> Problem to solve:
Make an exact copy of the listing below.

> Provided data:

========================================================================

(* Let $n_1,n_2\ge1$, $n=n_1+n_2-1$, and let $\bm z^\natural\in\mathbb C^n$ be such that $\mathcal G\bm z^\natural$ has rank $r$ and compact SVD $\mathcal G\bm z^\natural=\bm U^\natural\bm\Sigma^\natural\bm V^{\natural*}$ satisfying $\|\bm U^\natural\|_{2,\infty}\le\sqrt{\mu c_s r/n}$ and $\|\bm V^\natural\|_{2,\infty}\le\sqrt{\mu c_s r/n}$, where $c_s=\max\{n/n_1,n/n_2\}$. Let $\Omega\subseteq[n]$ be random, each index included independently with probability $p$. There exists a universal constant $c_0>0$ such that, provided $p\ge(\mu c_s r\log n)/n$, $$\big\|(p^{-1}\mathcal G\Pi_\Omega-\mathcal G)\bm z^\natural\big\|_2\ \le\ c_0\sqrt{\frac{p^{-1}\mu c_s r\log n}{n}}\ \|\mathcal G\bm z^\natural\|_2$$ holds with probability at least $1-2n^{-2}$.
   Context: $\mathcal H:\mathbb C^n\to\mathbb C^{n_1\times n_2}$ is the Hankel map $[\mathcal H\bm x]_{i,j}=x_{i+j-1}$; $\varsigma_t=\#\{(i,j)\in[n_1]\times[n_2]:i+j-1=t\}$; $\mathcal D\bm x$ has entries $\sqrt{\varsigma_t}x_t$; $\mathcal G=\mathcal H\mathcal D^{-1}$. $\Pi_\Omega$ keeps the entries of a vector indexed by $\Omega$ and zeroes the others. $\|\cdot\|_2$ on matrices is the spectral norm and $\|\cdot\|_{2,\infty}$ is the largest row $\ell_2$-norm. *)

From HB Require Import structures.
From mathcomp Require Import all_boot all_order all_algebra.
From mathcomp Require Import all_classical all_reals.
From mathcomp Require Import exp.
From mathcomp Require Import complex.
Set Implicit Arguments. Unset Strict Implicit. Unset Printing Implicit Defensive.
Import Order.TTheory GRing.Theory Num.Theory.
Local Open Scope ring_scope.

Section Defs.
Variable R : realType.
Local Notation C := R[i].

(* x_k (0-indexed) if k < n, and 0 otherwise *)
Definition vget (n : nat) (x : 'cV[C]_n) (k : nat) : C :=
  \sum_(t < n | val t == k) x t ord0.

Definition hankel (n1 n2 n : nat) (x : 'cV[C]_n) : 'M[C]_(n1, n2) :=
  \matrix_(i < n1, j < n2) vget x (i + j).

Definition varsigma (n1 n2 t : nat) : nat :=
  #|[set ij : 'I_n1 * 'I_n2 | (val ij.1 + val ij.2 == t)%N]|.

========================================================================

> Exercise output:
(* Let $n_1,n_2\ge1$, $n=n_1+n_2-1$, and let $\bm z^\natural\in\mathbb C^n$ be such that $\mathcal G\bm z^\natural$ has rank $r$ and compact SVD $\mathcal G\bm z^\natural=\bm U^\natural\bm\Sigma^\natural\bm V^{\natural*}$ satisfying $\|\bm U^\natural\|_{2,\infty}\le\sqrt{\mu c_s r/n}$ and $\|\bm V^\natural\|_{2,\infty}\le\sqrt{\mu c_s r/n}$, where $c_s=\max\{n/n_1,n/n_2\}$. Let $\Omega\subseteq[n]$ be random, each index included independently with probability $p$. There exists a universal constant $c_0>0$ such that, provided $p\ge(\mu c_s r\log n)/n$, $$\big\|(p^{-1}\mathcal G\Pi_\Omega-\mathcal G)\bm z^\natural\big\|_2\ \le\ c_0\sqrt{\frac{p^{-1}\mu c_s r\log n}{n}}\ \|\mathcal G\bm z^\natural\|_2$$ holds with probability at least $1-2n^{-2}$.
   Context: $\mathcal H:\mathbb C^n\to\mathbb C^{n_1\times n_2}$ is the Hankel map $[\mathcal H\bm x]_{i,j}=x_{i+j-1}$; $\varsigma_t=\#\{(i,j)\in[n_1]\times[n_2]:i+j-1=t\}$; $\mathcal D\bm x$ has entries $\sqrt{\varsigma_t}x_t$; $\mathcal G=\mathcal H\mathcal D^{-1}$. $\Pi_\Omega$ keeps the entries of a vector indexed by $\Omega$ and zeroes the others. $\|\cdot\|_2$ on matrices is the spectral norm and $\|\cdot\|_{2,\infty}$ is the largest row $\ell_2$-norm. *)

From HB Require Import structures.
From mathcomp Require Import all_boot all_order all_algebra.
From mathcomp Require Import all_classical all_reals.
From mathcomp Require Import exp.
From mathcomp Require Import complex.
Set Implicit Arguments. Unset Strict Implicit. Unset Printing Implicit Defensive.
Import Order.TTheory GRing.Theory Num.Theory.
Local Open Scope ring_scope.

Section Defs.
Variable R : realType.
Local Notation C := R[i].

(* x_k (0-indexed) if k < n, and 0 otherwise *)
Definition vget (n : nat) (x : 'cV[C]_n) (k : nat) : C :=
  \sum_(t < n | val t == k) x t ord0.

Definition hankel (n1 n2 n : nat) (x : 'cV[C]_n) : 'M[C]_(n1, n2) :=
  \matrix_(i < n1, j < n2) vget x (i + j).

Definition varsigma (n1 n2 t : nat) : nat :=
  #|[set ij : 'I_n1 * 'I_n2 | (val ij.1 + val ij.2 == t)%N]|.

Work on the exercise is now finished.